Nothing but an exact copy of the data should be output.
--- START ---
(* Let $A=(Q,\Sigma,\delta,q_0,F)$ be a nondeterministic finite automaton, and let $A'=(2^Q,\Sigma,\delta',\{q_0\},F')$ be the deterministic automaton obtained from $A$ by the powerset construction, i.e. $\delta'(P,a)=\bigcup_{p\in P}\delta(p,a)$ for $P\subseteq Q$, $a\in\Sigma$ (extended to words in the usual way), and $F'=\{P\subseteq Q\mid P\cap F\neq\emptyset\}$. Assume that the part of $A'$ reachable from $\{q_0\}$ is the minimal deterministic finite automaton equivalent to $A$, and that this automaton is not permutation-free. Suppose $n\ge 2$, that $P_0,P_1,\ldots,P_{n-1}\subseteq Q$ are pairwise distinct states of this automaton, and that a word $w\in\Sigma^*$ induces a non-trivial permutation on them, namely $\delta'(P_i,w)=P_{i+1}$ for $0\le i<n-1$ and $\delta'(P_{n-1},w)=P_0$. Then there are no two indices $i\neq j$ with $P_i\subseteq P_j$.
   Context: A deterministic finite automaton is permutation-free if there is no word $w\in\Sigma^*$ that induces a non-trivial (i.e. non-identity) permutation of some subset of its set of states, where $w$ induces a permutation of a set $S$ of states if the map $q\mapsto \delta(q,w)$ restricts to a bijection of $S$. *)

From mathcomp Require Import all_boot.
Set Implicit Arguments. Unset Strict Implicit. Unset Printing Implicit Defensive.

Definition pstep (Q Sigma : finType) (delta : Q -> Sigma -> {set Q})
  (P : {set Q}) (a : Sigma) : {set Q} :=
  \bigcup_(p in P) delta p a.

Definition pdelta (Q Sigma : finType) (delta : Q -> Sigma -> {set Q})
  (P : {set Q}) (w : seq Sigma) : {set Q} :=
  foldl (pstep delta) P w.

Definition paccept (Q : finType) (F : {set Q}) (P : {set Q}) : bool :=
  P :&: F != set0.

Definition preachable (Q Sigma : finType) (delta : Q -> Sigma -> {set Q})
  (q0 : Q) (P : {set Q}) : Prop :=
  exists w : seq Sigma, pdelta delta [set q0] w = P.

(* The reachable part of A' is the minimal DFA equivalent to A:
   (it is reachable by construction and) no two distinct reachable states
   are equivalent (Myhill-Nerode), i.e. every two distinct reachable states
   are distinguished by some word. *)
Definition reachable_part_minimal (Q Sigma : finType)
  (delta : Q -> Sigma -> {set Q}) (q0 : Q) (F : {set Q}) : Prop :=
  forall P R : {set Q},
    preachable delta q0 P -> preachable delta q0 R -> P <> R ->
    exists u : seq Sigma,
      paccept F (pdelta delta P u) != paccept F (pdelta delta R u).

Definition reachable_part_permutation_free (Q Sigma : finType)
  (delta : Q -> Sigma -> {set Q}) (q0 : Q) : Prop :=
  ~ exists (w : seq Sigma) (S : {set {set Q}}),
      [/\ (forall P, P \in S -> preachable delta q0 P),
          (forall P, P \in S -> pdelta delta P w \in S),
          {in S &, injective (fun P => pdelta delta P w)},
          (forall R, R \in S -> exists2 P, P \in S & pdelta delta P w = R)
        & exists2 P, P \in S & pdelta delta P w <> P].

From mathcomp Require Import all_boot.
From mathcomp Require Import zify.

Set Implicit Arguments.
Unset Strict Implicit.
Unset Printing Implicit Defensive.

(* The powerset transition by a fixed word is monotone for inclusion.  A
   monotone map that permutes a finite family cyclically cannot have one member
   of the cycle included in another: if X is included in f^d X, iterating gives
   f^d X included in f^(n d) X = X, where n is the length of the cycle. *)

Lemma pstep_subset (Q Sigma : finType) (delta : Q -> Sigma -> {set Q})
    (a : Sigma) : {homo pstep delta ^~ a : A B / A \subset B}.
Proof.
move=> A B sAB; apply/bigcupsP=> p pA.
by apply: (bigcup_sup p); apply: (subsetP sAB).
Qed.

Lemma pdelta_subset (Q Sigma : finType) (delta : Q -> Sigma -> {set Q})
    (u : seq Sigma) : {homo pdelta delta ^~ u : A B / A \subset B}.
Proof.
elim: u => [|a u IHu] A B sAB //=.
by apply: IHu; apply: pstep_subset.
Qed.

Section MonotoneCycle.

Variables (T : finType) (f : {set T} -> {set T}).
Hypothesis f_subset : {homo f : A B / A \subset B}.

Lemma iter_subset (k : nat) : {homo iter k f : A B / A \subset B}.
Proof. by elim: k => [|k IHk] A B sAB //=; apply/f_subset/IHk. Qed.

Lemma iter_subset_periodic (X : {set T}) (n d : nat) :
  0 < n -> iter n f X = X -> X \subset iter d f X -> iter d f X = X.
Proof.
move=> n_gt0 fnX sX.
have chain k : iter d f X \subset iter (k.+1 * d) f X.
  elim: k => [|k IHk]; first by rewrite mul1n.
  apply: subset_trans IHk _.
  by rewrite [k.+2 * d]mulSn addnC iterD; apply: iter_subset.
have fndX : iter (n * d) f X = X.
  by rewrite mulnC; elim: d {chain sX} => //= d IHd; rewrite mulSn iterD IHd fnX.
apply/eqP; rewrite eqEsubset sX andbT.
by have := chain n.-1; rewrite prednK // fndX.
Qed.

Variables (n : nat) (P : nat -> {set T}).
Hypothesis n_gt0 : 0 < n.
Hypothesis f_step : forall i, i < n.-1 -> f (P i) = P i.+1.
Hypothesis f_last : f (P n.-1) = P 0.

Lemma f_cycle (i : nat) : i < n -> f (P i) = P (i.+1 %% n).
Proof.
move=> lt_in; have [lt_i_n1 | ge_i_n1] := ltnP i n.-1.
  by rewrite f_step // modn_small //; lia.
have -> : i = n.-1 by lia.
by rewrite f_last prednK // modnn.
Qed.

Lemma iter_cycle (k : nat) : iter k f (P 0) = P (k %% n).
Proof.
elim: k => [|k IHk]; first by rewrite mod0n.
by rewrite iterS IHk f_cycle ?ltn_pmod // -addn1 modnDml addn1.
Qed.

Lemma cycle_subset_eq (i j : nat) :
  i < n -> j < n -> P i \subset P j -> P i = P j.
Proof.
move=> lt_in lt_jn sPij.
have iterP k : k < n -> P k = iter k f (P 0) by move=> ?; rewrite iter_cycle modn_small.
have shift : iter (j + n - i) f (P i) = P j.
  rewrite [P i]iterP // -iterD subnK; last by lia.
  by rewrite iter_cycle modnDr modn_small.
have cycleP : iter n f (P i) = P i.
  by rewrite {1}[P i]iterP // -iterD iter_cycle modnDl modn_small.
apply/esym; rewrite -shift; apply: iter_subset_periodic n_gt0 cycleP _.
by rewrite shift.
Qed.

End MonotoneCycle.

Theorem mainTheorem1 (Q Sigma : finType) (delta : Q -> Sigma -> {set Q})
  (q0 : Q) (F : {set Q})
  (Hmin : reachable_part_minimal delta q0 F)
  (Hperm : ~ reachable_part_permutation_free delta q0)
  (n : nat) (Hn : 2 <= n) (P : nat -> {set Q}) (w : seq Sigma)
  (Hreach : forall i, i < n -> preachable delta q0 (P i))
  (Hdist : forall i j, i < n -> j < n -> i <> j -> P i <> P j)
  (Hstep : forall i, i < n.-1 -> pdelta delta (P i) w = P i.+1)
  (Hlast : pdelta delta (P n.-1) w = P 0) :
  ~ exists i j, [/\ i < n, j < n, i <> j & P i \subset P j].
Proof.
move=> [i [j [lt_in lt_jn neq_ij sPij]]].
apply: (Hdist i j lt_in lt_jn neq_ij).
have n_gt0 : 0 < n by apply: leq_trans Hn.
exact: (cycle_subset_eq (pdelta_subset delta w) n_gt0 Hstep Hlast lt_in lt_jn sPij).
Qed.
--- END ---
● Answer box:
(* Let $A=(Q,\Sigma,\delta,q_0,F)$ be a nondeterministic finite automaton, and let $A'=(2^Q,\Sigma,\delta',\{q_0\},F')$ be the deterministic automaton obtained from $A$ by the powerset construction, i.e. $\delta'(P,a)=\bigcup_{p\in P}\delta(p,a)$ for $P\subseteq Q$, $a\in\Sigma$ (extended to words in the usual way), and $F'=\{P\subseteq Q\mid P\cap F\neq\emptyset\}$. Assume that the part of $A'$ reachable from $\{q_0\}$ is the minimal deterministic finite automaton equivalent to $A$, and that this automaton is not permutation-free. Suppose $n\ge 2$, that $P_0,P_1,\ldots,P_{n-1}\subseteq Q$ are pairwise distinct states of this automaton, and that a word $w\in\Sigma^*$ induces a non-trivial permutation on them, namely $\delta'(P_i,w)=P_{i+1}$ for $0\le i<n-1$ and $\delta'(P_{n-1},w)=P_0$. Then there are no two indices $i\neq j$ with $P_i\subseteq P_j$.
   Context: A deterministic finite automaton is permutation-free if there is no word $w\in\Sigma^*$ that induces a non-trivial (i.e. non-identity) permutation of some subset of its set of states, where $w$ induces a permutation of a set $S$ of states if the map $q\mapsto \delta(q,w)$ restricts to a bijection of $S$. *)

From mathcomp Require Import all_boot.
Set Implicit Arguments. Unset Strict Implicit. Unset Printing Implicit Defensive.

Definition pstep (Q Sigma : finType) (delta : Q -> Sigma -> {set Q})
  (P : {set Q}) (a : Sigma) : {set Q} :=
  \bigcup_(p in P) delta p a.

Definition pdelta (Q Sigma : finType) (delta : Q -> Sigma -> {set Q})
  (P : {set Q}) (w : seq Sigma) : {set Q} :=
  foldl (pstep delta) P w.

Definition paccept (Q : finType) (F : {set Q}) (P : {set Q}) : bool :=
  P :&: F != set0.

Definition preachable (Q Sigma : finType) (delta : Q -> Sigma -> {set Q})
  (q0 : Q) (P : {set Q}) : Prop :=
  exists w : seq Sigma, pdelta delta [set q0] w = P.

(* The reachable part of A' is the minimal DFA equivalent to A:
   (it is reachable by construction and) no two distinct reachable states
   are equivalent (Myhill-Nerode), i.e. every two distinct reachable states
   are distinguished by some word. *)
Definition reachable_part_minimal (Q Sigma : finType)
  (delta : Q -> Sigma -> {set Q}) (q0 : Q) (F : {set Q}) : Prop :=
  forall P R : {set Q},
    preachable delta q0 P -> preachable delta q0 R -> P <> R ->
    exists u : seq Sigma,
      paccept F (pdelta delta P u) != paccept F (pdelta delta R u).

Definition reachable_part_permutation_free (Q Sigma : finType)
  (delta : Q -> Sigma -> {set Q}) (q0 : Q) : Prop :=
  ~ exists (w : seq Sigma) (S : {set {set Q}}),
      [/\ (forall P, P \in S -> preachable delta q0 P),
          (forall P, P \in S -> pdelta delta P w \in S),
          {in S &, injective (fun P => pdelta delta P w)},
          (forall R, R \in S -> exists2 P, P \in S & pdelta delta P w = R)
        & exists2 P, P \in S & pdelta delta P w <> P].

From mathcomp Require Import all_boot.
From mathcomp Require Import zify.

Set Implicit Arguments.
Unset Strict Implicit.
Unset Printing Implicit Defensive.

(* The powerset transition by a fixed word is monotone for inclusion.  A
   monotone map that permutes a finite family cyclically cannot have one member
   of the cycle included in another: if X is included in f^d X, iterating gives
   f^d X included in f^(n d) X = X, where n is the length of the cycle. *)

Lemma pstep_subset (Q Sigma : finType) (delta : Q -> Sigma -> {set Q})
    (a : Sigma) : {homo pstep delta ^~ a : A B / A \subset B}.
Proof.
move=> A B sAB; apply/bigcupsP=> p pA.
by apply: (bigcup_sup p); apply: (subsetP sAB).
Qed.

Lemma pdelta_subset (Q Sigma : finType) (delta : Q -> Sigma -> {set Q})
    (u : seq Sigma) : {homo pdelta delta ^~ u : A B / A \subset B}.
Proof.
elim: u => [|a u IHu] A B sAB //=.
by apply: IHu; apply: pstep_subset.
Qed.

Section MonotoneCycle.

Variables (T : finType) (f : {set T} -> {set T}).
Hypothesis f_subset : {homo f : A B / A \subset B}.

Lemma iter_subset (k : nat) : {homo iter k f : A B / A \subset B}.
Proof. by elim: k => [|k IHk] A B sAB //=; apply/f_subset/IHk. Qed.

Lemma iter_subset_periodic (X : {set T}) (n d : nat) :
  0 < n -> iter n f X = X -> X \subset iter d f X -> iter d f X = X.
Proof.
move=> n_gt0 fnX sX.
have chain k : iter d f X \subset iter (k.+1 * d) f X.
  elim: k => [|k IHk]; first by rewrite mul1n.
  apply: subset_trans IHk _.
  by rewrite [k.+2 * d]mulSn addnC iterD; apply: iter_subset.
have fndX : iter (n * d) f X = X.
  by rewrite mulnC; elim: d {chain sX} => //= d IHd; rewrite mulSn iterD IHd fnX.
apply/eqP; rewrite eqEsubset sX andbT.
by have := chain n.-1; rewrite prednK // fndX.
Qed.

Variables (n : nat) (P : nat -> {set T}).
Hypothesis n_gt0 : 0 < n.
Hypothesis f_step : forall i, i < n.-1 -> f (P i) = P i.+1.
Hypothesis f_last : f (P n.-1) = P 0.

Lemma f_cycle (i : nat) : i < n -> f (P i) = P (i.+1 %% n).
Proof.
move=> lt_in; have [lt_i_n1 | ge_i_n1] := ltnP i n.-1.
  by rewrite f_step // modn_small //; lia.
have -> : i = n.-1 by lia.
by rewrite f_last prednK // modnn.
Qed.

Lemma iter_cycle (k : nat) : iter k f (P 0) = P (k %% n).
Proof.
elim: k => [|k IHk]; first by rewrite mod0n.
by rewrite iterS IHk f_cycle ?ltn_pmod // -addn1 modnDml addn1.
Qed.

Lemma cycle_subset_eq (i j : nat) :
  i < n -> j < n -> P i \subset P j -> P i = P j.
Proof.
move=> lt_in lt_jn sPij.
have iterP k : k < n -> P k = iter k f (P 0) by move=> ?; rewrite iter_cycle modn_small.
have shift : iter (j + n - i) f (P i) = P j.
  rewrite [P i]iterP // -iterD subnK; last by lia.
  by rewrite iter_cycle modnDr modn_small.
have cycleP : iter n f (P i) = P i.
  by rewrite {1}[P i]iterP // -iterD iter_cycle modnDl modn_small.
apply/esym; rewrite -shift; apply: iter_subset_periodic n_gt0 cycleP _.
by rewrite shift.
Qed.

End MonotoneCycle.

Theorem mainTheorem1 (Q Sigma : finType) (delta : Q -> Sigma -> {set Q})
  (q0 : Q) (F : {set Q})
  (Hmin : reachable_part_minimal delta q0 F)
  (Hperm : ~ reachable_part_permutation_free delta q0)
  (n : nat) (Hn : 2 <= n) (P : nat -> {set Q}) (w : seq Sigma)
  (Hreach : forall i, i < n -> preachable delta q0 (P i))
  (Hdist : forall i j, i < n -> j < n -> i <> j -> P i <> P j)
  (Hstep : forall i, i < n.-1 -> pdelta delta (P i) w = P i.+1)
  (Hlast : pdelta delta (P n.-1) w = P 0) :
  ~ exists i j, [/\ i < n, j < n, i <> j & P i \subset P j].
Proof.
move=> [i [j [lt_in lt_jn neq_ij sPij]]].
apply: (Hdist i j lt_in lt_jn neq_ij).
have n_gt0 : 0 < n by apply: leq_trans Hn.
exact: (cycle_subset_eq (pdelta_subset delta w) n_gt0 Hstep Hlast lt_in lt_jn sPij).
Qed.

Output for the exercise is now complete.